→ WHAT YOU NEED TO DO:
State how many lines in the following entries hold the word "permutation". The reply is that number only.

═══ DATA EXTRACTS

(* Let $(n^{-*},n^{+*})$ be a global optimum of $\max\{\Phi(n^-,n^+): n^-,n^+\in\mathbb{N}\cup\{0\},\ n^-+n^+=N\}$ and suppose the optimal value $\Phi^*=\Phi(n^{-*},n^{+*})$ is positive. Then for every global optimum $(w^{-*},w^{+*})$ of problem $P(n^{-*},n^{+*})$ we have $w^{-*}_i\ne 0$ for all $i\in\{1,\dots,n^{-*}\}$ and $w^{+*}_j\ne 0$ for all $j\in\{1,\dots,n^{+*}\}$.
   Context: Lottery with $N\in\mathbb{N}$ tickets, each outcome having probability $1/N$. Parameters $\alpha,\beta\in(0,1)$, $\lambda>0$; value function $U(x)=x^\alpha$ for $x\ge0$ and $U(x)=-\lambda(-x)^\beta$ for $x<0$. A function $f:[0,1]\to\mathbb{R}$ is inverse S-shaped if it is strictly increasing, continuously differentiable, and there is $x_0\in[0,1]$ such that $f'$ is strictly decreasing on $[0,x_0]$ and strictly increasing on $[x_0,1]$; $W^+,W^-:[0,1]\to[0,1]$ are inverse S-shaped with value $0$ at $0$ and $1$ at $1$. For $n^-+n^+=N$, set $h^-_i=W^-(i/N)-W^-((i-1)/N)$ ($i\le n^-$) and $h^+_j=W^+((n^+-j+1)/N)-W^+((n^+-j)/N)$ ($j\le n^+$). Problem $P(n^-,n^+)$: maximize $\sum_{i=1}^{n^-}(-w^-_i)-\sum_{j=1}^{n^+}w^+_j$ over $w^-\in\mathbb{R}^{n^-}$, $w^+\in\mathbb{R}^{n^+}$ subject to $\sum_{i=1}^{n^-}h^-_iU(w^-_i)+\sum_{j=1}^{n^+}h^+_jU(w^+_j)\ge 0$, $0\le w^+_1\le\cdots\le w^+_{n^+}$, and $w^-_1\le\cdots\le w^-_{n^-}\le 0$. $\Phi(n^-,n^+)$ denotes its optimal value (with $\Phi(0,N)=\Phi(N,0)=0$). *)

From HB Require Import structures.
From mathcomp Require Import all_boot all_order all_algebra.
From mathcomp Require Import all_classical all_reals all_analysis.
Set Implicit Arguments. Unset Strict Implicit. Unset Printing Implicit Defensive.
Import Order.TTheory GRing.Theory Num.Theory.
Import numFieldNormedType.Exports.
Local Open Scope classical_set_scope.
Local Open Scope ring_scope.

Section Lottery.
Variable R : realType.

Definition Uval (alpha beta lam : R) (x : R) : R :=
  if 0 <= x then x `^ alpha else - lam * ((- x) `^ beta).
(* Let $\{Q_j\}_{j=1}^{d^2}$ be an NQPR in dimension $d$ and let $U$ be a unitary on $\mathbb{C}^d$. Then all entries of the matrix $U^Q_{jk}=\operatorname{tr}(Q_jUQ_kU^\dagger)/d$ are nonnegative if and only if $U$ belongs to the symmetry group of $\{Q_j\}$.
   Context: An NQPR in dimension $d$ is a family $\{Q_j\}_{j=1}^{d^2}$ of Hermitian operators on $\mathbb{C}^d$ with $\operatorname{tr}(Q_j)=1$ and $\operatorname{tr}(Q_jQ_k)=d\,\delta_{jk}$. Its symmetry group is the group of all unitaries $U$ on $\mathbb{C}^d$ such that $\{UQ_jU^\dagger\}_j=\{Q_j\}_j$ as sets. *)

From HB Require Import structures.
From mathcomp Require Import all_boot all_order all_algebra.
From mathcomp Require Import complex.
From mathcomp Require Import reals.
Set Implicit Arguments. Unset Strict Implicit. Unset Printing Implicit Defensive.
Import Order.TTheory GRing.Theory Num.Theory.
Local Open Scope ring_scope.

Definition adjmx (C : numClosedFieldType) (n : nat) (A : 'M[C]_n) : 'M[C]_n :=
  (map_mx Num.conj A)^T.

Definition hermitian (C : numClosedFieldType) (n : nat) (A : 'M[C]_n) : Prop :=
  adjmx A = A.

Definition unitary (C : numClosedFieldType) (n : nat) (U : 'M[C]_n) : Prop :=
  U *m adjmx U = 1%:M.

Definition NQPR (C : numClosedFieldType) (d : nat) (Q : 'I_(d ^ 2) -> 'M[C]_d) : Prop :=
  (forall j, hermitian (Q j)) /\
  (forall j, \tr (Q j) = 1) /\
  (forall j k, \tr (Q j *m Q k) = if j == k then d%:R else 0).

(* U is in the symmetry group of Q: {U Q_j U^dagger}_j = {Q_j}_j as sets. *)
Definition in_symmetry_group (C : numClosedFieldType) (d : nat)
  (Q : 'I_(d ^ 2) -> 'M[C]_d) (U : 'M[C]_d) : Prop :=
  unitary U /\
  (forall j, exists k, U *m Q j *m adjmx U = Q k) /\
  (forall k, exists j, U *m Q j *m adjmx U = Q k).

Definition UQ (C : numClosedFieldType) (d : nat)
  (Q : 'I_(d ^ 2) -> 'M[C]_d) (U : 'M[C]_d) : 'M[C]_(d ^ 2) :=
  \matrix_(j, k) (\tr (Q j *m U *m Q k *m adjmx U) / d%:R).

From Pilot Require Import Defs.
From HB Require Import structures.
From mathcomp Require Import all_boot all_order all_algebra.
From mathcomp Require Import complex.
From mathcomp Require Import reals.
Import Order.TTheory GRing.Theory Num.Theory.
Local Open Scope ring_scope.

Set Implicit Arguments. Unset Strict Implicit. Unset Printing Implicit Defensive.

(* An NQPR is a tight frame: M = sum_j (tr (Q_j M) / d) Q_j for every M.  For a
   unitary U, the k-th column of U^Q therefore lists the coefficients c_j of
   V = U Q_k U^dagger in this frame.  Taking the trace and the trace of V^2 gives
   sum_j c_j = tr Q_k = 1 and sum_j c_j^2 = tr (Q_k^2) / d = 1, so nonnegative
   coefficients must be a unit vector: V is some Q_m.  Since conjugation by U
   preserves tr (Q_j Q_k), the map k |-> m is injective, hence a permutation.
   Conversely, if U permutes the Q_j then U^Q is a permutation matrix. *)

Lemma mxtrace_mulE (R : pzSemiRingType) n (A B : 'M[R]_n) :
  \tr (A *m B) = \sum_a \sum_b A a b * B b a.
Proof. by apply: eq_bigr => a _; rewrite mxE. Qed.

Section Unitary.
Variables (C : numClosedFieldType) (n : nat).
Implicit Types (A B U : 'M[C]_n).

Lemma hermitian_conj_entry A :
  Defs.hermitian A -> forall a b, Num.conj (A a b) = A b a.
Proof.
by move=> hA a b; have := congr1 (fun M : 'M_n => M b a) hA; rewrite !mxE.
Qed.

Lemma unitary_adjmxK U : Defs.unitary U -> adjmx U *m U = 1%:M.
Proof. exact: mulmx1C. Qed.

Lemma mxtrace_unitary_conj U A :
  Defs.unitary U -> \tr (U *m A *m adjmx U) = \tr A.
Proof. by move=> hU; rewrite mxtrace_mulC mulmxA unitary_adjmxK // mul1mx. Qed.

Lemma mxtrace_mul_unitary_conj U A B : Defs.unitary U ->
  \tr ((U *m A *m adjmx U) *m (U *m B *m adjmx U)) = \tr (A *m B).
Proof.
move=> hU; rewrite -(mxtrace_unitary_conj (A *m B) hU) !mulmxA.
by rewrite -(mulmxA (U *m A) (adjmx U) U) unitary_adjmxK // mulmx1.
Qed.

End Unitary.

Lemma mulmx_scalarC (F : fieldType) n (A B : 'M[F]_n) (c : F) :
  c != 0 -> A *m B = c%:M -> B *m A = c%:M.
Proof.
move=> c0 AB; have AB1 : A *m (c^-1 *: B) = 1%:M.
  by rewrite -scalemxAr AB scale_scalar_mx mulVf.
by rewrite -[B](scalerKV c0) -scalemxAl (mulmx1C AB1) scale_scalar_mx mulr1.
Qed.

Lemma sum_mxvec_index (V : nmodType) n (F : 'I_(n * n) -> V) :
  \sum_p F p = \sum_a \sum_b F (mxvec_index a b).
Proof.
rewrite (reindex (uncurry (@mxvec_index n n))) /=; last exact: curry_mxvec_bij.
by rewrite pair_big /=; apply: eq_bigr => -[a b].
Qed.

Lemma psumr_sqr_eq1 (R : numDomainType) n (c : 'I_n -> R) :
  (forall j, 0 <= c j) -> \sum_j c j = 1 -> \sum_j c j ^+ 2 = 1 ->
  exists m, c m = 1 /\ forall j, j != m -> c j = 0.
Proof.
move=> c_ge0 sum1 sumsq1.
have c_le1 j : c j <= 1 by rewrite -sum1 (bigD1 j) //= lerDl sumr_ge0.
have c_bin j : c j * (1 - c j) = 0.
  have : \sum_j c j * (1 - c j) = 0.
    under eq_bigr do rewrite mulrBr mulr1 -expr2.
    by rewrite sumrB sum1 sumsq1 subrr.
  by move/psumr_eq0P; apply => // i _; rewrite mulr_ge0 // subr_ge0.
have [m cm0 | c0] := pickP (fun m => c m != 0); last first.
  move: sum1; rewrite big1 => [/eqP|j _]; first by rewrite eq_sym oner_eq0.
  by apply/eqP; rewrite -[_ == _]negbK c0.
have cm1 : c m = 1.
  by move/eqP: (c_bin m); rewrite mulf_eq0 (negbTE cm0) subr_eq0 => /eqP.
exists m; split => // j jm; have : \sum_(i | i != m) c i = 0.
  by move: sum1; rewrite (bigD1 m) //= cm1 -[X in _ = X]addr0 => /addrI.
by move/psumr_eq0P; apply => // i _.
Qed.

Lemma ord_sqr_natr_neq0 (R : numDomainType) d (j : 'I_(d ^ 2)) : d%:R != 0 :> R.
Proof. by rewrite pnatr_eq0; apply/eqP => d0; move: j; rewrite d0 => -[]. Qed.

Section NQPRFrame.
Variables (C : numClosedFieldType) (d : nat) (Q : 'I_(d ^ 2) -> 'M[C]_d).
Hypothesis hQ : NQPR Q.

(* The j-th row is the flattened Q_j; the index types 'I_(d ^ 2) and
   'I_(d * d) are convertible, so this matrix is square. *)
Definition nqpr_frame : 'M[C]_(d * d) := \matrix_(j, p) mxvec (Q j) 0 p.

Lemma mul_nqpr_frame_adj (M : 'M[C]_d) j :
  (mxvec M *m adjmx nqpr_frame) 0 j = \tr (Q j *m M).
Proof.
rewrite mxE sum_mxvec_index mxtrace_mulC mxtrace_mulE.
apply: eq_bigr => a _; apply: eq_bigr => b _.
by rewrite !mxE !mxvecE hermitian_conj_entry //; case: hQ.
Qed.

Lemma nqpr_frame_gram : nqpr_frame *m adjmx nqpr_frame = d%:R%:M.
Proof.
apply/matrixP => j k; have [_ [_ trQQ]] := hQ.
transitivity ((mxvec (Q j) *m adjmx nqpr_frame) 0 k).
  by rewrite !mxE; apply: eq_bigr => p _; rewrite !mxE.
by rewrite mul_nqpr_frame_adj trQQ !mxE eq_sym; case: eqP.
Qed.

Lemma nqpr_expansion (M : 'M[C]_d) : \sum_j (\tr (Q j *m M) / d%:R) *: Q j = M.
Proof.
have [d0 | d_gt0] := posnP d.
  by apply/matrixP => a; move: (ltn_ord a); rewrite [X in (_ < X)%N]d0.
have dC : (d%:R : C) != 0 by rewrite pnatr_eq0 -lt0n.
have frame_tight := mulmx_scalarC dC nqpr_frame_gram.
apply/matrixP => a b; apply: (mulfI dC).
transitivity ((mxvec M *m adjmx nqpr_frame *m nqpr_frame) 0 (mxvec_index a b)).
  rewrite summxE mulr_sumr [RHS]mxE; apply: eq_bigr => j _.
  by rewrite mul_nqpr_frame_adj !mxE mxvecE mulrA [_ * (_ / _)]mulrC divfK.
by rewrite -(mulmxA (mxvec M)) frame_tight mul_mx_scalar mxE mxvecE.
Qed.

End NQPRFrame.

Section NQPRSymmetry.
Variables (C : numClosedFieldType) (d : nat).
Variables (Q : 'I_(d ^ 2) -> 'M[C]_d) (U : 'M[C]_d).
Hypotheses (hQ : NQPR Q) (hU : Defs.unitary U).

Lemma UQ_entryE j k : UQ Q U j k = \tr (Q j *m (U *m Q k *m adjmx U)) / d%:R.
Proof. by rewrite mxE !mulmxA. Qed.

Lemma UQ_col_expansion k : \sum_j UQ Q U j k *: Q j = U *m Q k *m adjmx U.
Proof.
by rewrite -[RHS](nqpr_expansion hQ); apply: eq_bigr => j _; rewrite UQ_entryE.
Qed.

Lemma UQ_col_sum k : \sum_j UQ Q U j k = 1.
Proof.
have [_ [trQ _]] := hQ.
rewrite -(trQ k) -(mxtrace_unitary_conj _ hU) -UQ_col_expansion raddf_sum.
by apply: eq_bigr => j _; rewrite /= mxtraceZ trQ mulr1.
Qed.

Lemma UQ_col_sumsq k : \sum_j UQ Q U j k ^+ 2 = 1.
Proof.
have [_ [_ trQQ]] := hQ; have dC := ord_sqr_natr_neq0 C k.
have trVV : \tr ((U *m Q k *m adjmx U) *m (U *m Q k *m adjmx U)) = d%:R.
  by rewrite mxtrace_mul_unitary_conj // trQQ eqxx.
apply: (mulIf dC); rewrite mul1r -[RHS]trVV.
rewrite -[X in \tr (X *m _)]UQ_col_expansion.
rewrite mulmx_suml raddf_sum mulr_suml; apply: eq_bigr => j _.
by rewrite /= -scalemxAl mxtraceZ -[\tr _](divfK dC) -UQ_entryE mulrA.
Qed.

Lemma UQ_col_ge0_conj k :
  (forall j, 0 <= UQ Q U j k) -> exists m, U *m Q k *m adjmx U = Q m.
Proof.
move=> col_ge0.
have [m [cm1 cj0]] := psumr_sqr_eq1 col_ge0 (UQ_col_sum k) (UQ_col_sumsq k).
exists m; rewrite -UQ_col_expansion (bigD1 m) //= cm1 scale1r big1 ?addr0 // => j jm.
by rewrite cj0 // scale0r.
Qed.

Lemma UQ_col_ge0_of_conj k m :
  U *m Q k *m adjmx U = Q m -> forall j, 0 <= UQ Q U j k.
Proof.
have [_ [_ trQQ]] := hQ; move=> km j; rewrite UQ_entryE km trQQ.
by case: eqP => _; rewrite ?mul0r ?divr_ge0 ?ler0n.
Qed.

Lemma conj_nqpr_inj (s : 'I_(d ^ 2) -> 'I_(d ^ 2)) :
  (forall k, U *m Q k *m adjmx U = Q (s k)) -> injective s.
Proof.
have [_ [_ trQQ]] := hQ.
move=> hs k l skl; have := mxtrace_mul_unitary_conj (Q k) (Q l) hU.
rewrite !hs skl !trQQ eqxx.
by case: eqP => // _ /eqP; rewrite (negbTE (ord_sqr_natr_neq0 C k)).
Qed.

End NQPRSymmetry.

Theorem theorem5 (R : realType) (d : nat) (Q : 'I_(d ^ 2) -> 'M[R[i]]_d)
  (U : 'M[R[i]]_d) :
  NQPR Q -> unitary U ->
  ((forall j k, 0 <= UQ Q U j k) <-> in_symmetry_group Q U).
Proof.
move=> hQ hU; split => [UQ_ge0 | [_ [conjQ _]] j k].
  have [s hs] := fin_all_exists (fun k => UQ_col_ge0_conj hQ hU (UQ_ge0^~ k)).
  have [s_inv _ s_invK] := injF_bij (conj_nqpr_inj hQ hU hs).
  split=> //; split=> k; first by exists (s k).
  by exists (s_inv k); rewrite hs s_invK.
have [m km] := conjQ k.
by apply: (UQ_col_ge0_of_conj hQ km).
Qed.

══════

→ ANSWER BOX:
2